Since protein kinases are regulated by phosphorylation, we subsequently determined whether growth factor stimulation influences the behaviour of assigned quantotypic peptides. To evaluate the effect of early as well as late signalling events, cells were stimulated with IGF or EGF for 5, 10 or 30 minutes and all quantotypic peptides were assessed in a pairwise manner across all samples (Supplementary Fig. 5). Interestingly, we observed that only 4 of the 406 (<1%) measured peptides displayed significantly different levels (described in Online Methods) under these conditions (Supplementary Information). As such, the empirically identified quantotypic peptides are minimally affected by growth factor stimulation.

To evaluate whether the SRM assay would be sufficiently sensitive to quantify protein kinases directly from total cell lysates, we prepared lysates from six cell lines, separated these by SDS-PAGE (Supplementary Fig. 6) and conducted a SRM experiment in biological and technical replicates. In total, we analysed 204 quantotypic peptides from 83 protein kinases across the human kinome and the relative amount of each peptide was calculated (Fig. 3, Supplementary Fig. 7 and Online Methods). Since the most intense proteotypic peptides from individual proteins can be used as representative of the relative protein level17, we averaged the level of quantified peptides for each kinase and clustered their relative expression level across cell lines (Supplementary Fig. 8). This revealed groups of low and high abundance kinases as well as a third group of kinases with distinct expression levels between individual cell lines. Overall this demonstrates that targeted analysis directly from gel-separated cell lysates is achievable and highly reproducible (Supplementary Fig. 7).

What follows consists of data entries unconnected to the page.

(* Let $\Omega$, $\mathcal{R}$, $\overline{C}$ be as in the context, with $\Omega$ nonempty and bounded and $\Omega\cap\mathcal{R}\ne\emptyset$. Define the set-valued map $\Gamma:\mathbb{R}\rightrightarrows\mathcal{S}^q$ by $\Gamma(w):=\{Y\in\Omega : \|Y\|_*-\|Y\|_2=w\}$, and suppose $\Gamma$ is calm at $0$ for each $Y\in\Gamma(0)$. Then there exists $\bar\rho>0$ such that for every $\rho>\bar\rho$: $Y^*$ is an optimal solution of $\min\{\langle\overline{C},Y\rangle : Y\in\Omega\cap\mathcal{R}\}$ if and only if $Y^*$ is an optimal solution of $$\min\{\,f_\rho(Y):=\langle\overline{C},Y\rangle+\rho(\|Y\|_*-\|Y\|_2) : Y\in\Omega\}.$$
   Context: $\mathcal{S}^q$ is the space of real symmetric $q\times q$ matrices with trace inner product and Frobenius norm; $\mathcal{S}^q_+$ the positive semidefinite cone; $\mathcal{N}^q$ the entrywise nonnegative matrices in $\mathcal{S}^q$. Given $\overline{C}\in\mathcal{S}^q$, a linear map $\mathcal{A}:\mathcal{S}^q\to\mathbb{R}^m$ and $b\in\mathbb{R}^m$, $\Omega:=\{Y\in\mathcal{S}^q_+\cap\mathcal{N}^q : \mathcal{A}(Y)=b\}$ and $\mathcal{R}:=\{Y\in\mathcal{S}^q:\operatorname{rank}(Y)\le1\}$. $\|Y\|_*$ is the nuclear norm (sum of singular values) and $\|Y\|_2$ the spectral norm (largest singular value). A set-valued map $\Psi:\mathcal{X}\rightrightarrows\mathcal{Z}$ between Euclidean spaces is calm at $\bar x$ for $\bar z\in\Psi(\bar x)$ if there exist $\alpha>0$ and neighborhoods $\mathcal{U}$ of $\bar x$, $\mathcal{V}$ of $\bar z$ with $\Psi(x)\cap\mathcal{V}\subseteq\Psi(\bar x)+\alpha\|x-\bar x\|\mathbb{B}$ for all $x\in\mathcal{U}$, where $\mathbb{B}$ is the closed unit ball. *)

From Stdlib Require Import Reals ClassicalEpsilon.
From mathcomp Require Import all_boot.
Set Implicit Arguments. Unset Strict Implicit. Unset Printing Implicit Defensive.
Open Scope R_scope.

Definition mat (q : nat) := 'I_q -> 'I_q -> R.
Definition vec (q : nat) := 'I_q -> R.

Definition sumI (q : nat) (F : 'I_q -> R) : R := \big[Rplus/R0]_(i < q) F i.
Definition maxI (q : nat) (F : 'I_q -> R) : R := \big[Rmax/R0]_(i < q) F i.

Figure 3. Relative quantification of kinases directly from total cell lysate using quantotypic peptides.

Figure 3

The relative abundance of each kinase is displayed in a heatmap, depicting the 83 protein kinases across six cell lines. The colour key represents the relative abundance (by row z-score). Kinases and cell lines are labelled and dendrograms from hierarchical clustering are plotted.

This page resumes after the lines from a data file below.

(** By continuity and compactness, a hyperbolic [T] is bounded below
    uniformly on the circle. *)
Lemma hyperbolic_bounded_below : hyperbolic T -> exists c, bounded_below_on_circle T c.
Proof.
  intros H. pose proof PI_RGT_0.
  destruct (continuity_ab_min lower_bound (-(2*PI)) (2*PI) ltac:(lra)
    (fun c _ => lower_bound_continuous c)) as [tm [Hm1 Hm2]].
  exists (lower_bound tm). split. apply lower_bound_pos; auto.
  intros t Ht x. eapply Rle_trans. 2: apply lower_bound_spec.
  apply Rmult_le_compat_r. apply vnorm_nonneg. auto.
Qed.

End LowerBound.

Definition resolvent {B : Banach} (T : B -> B) (t : R) (w : B) : B :=
  epsilon (inhabits vzero) (fun x => minus_scalar T (cis t) x = w).

Section Resolvent.
Context {B : Banach} (T : B -> B) (HT : lin T) (Hh : hyperbolic T).
Context (c : R) (Hc : bounded_below_on_circle T c).

Lemma resolvent_spec t w : minus_scalar T (cis t) (resolvent T t w) = w.
Proof.
  unfold resolvent. apply epsilon_spec.
  pose proof (Hh (cis t) (Cmod_cis t)) as Hn. apply NNPP in Hn.
  destruct Hn as [Rv [_ [_ H2]]]. eauto.
Qed.

Lemma minus_scalar_inj t x1 x2 : -(2*PI) <= t <= 2 * PI ->
  minus_scalar T (cis t) x1 = minus_scalar T (cis t) x2 -> x1 = x2.
Proof.
  intros Ht H. destruct Hc as [Hc0 Hl]. apply vsub_eq0, vnorm_eq0.
  pose proof (Hl t Ht (x1 -v x2)) as H0.
  rewrite lin_sub, H, vsub_diag, vnorm_0 in H0 by (apply minus_scalar_lin; auto).
  pose proof (vnorm_nonneg (x1 -v x2)). nra.
Qed.

Lemma resolvent_bound t w : -(2*PI) <= t <= 2 * PI -> c * vnorm (resolvent T t w) <= vnorm w.
Proof.
  intros Ht. destruct Hc as [_ Hl]. rewrite <- (resolvent_spec t w) at 2. apply Hl; auto.
Qed.

Lemma resolvent_lip t s w : -(2*PI) <= t <= 2 * PI -> -(2*PI) <= s <= 2 * PI ->
  c * c * vnorm (resolvent T t w -v resolvent T s w) <= Rabs (t - s) * vnorm w.
Proof.
  intros Ht Hs. destruct Hc as [Hc0 Hl].
  set (a := resolvent T s w). set (b := resolvent T t w).
  assert (minus_scalar T (cis t) (b -v a) = Csub (cis t) (cis s) *v a) as E.
  { rewrite lin_sub by (apply minus_scalar_lin; auto). unfold b. rewrite resolvent_spec.
    rewrite <- (resolvent_spec s w) at 1. fold a. apply minus_scalar_diff. }
  pose proof (Hl t Ht (b -v a)) as H0. rewrite E, vnorm_scal in H0.
  pose proof (cis_chord t s). pose proof (Cmod_nonneg (Csub (cis t) (cis s))).
  pose proof (resolvent_bound s w Hs). fold a in H2.
  pose proof (vnorm_nonneg a). pose proof (vnorm_nonneg (b -v a)). pose proof (Rabs_pos (t - s)).
  assert (c * vnorm (b -v a) <= Rabs (t - s) * vnorm a) by nra.
  nra.
Qed.

End Resolvent.

(** ** Discrete Fourier analysis on the circle *)

(** The [N]-th roots of unity [e^(i angle N j)], [j < N]. *)
Definition angle (N j : nat) : R := 2 * PI / INR N * INR j.

Lemma angle_range (N j : nat) : (0 < N)%nat -> (j < N)%nat ->
  -(2*PI) <= angle N j <= 2 * PI /\ -(2*PI) <= 2 * PI / INR N * (INR j - 1) <= 2 * PI.
Proof.
  intros HN Hj. unfold angle. pose proof PI_RGT_0. assert (1 <= INR N) by (apply (le_INR 1); lia).
  assert (INR j + 1 <= INR N) by (rewrite <- S_INR; apply le_INR; lia).
  pose proof (pos_INR j).
  assert (0 <= 2 * PI / INR N * INR j <= 2 * PI).
  { split. apply Rmult_le_pos; auto. apply Rlt_le, Rdiv_lt_0_compat; lra.
    apply Rmult_le_reg_l with (INR N). lra.
    replace (INR N * (2 * PI / INR N * INR j)) with (2 * PI * INR j) by (field; lra). nra. }
  assert (2 * PI / INR N <= 2 * PI).
  { apply Rmult_le_reg_l with (INR N). lra.
    replace (INR N * (2 * PI / INR N)) with (2 * PI) by (field; lra). nra. }
  assert (0 <= 2 * PI / INR N) by (apply Rlt_le, Rdiv_lt_0_compat; lra).
  split. lra.
  replace (2 * PI / INR N * (INR j - 1)) with (2 * PI / INR N * INR j - 2 * PI / INR N) by ring. lra.
Qed.

Lemma frequency_angle (N : nat) (k : Z) : (0 < N)%nat -> (2 * Z.abs k <= Z.of_nat N)%Z ->
  Rabs (- (2 * PI / INR N) * IZR k) = 2 * PI / INR N * IZR (Z.abs k) /\
  Rabs (- (2 * PI / INR N) * IZR k) <= PI.
Proof.
  intros HN Hk. pose proof PI_RGT_0. assert (0 < INR N) by (apply lt_0_INR; auto).
  assert (E : Rabs (- (2 * PI / INR N) * IZR k) = 2 * PI / INR N * IZR (Z.abs k)).
  { rewrite Rabs_mult, Rabs_Ropp, <- abs_IZR.
    rewrite Rabs_right by (apply Rle_ge, Rlt_le, Rdiv_lt_0_compat; lra). auto. }
  split; auto. rewrite E.
  assert (2 * IZR (Z.abs k) <= INR N) by (rewrite INR_IZR_INZ, <- mult_IZR; apply IZR_le; auto).
  apply Rmult_le_reg_l with (INR N); auto.
  replace (INR N * (2 * PI / INR N * IZR (Z.abs k))) with (PI * (2 * IZR (Z.abs k))) by (field; lra).
  nra.
Qed.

In summary, we empirically evaluate proteotypic and quantotypic behaviour of peptides for targeted analysis across the human kinome and show that endogenously expressed proteins can serve as a practical source for SRM assay generation and optimisation. This approach can be easily implemented across different classes of proteins and importantly facilitates evaluation of the quantotypic behaviour of peptides.

Online Methods

Cell Culture

All cell lines used were obtained from ATCC and were AsPC-1, HPAC, MiaPaCa2, PANC-1, PL45 and PL5 (group 1) and BxPC-3, Capan-2, CFPAC-1, HPAF-II, Panc 10.05 and SW-1990 (group 2). Cells were cultured in Dulbecco’s Modified Eagle Medium (DMEM, Life Technology), supplemented with 10% heat-inactivated Fetal Bovine Serum (FBS, Sigma) and 1× Antibiotic Antimycotic Solution (Hyclone) at 37°C, 5% CO2. All cells were grown to 50% confluence before harvesting. All cell lines were mycoplasma negative and periodically checked.

Cell Lysis

Cells were lysed using PLC buffer (50 mM Tris-HCl pH 7.5, 150 mM NaCl, 1.5 mM MgCl2, 1 mM EDTA, 10 mM NaPPi, 10% glycerol and 1% Triton X-100, 1 mM PMSF, 1 mM vanadate with protease inhibitor cocktail (Sigma) and phosphatase inhibitor cocktail (Sigma)) on ice. Lysates were collected and vortexed to ensure complete lysis and cleared by centrifugation at 4°C for 15 minutes at 16,000 g. The concentration of all lysates was determined by bicinchoninic assay (BCA, Thermo Scientific).

Western blotting

Equal amounts of total protein were prepared in 1× SDS sample buffer (10 mM Tris-HCl pH 7.4, 10 mM EDTA, 10% glycerol, 1% SDS and 1 mM DTT), and separated on 10% polyacrylamide gels. Proteins were transferred to a nitrocellulose membrane (LI-COR) by a wet transfer system (Bio-Rad), and blocked in 1× Roti-Block (Carl Roth). Primary antibodies used were against GAPDH (Santa Cruz, FL-335, sc-25778) and P-Tyr-1000 (Cell Signalling Technology (CST), #8954). Secondary antibodies used were anti-mouse IgG DyLight® 680 (CST, #5470) and anti-rabbit IgG DyLight® 800 (CST, #5151). Blots were visualised fluorescently using a LI-COR Odyssey imaging system.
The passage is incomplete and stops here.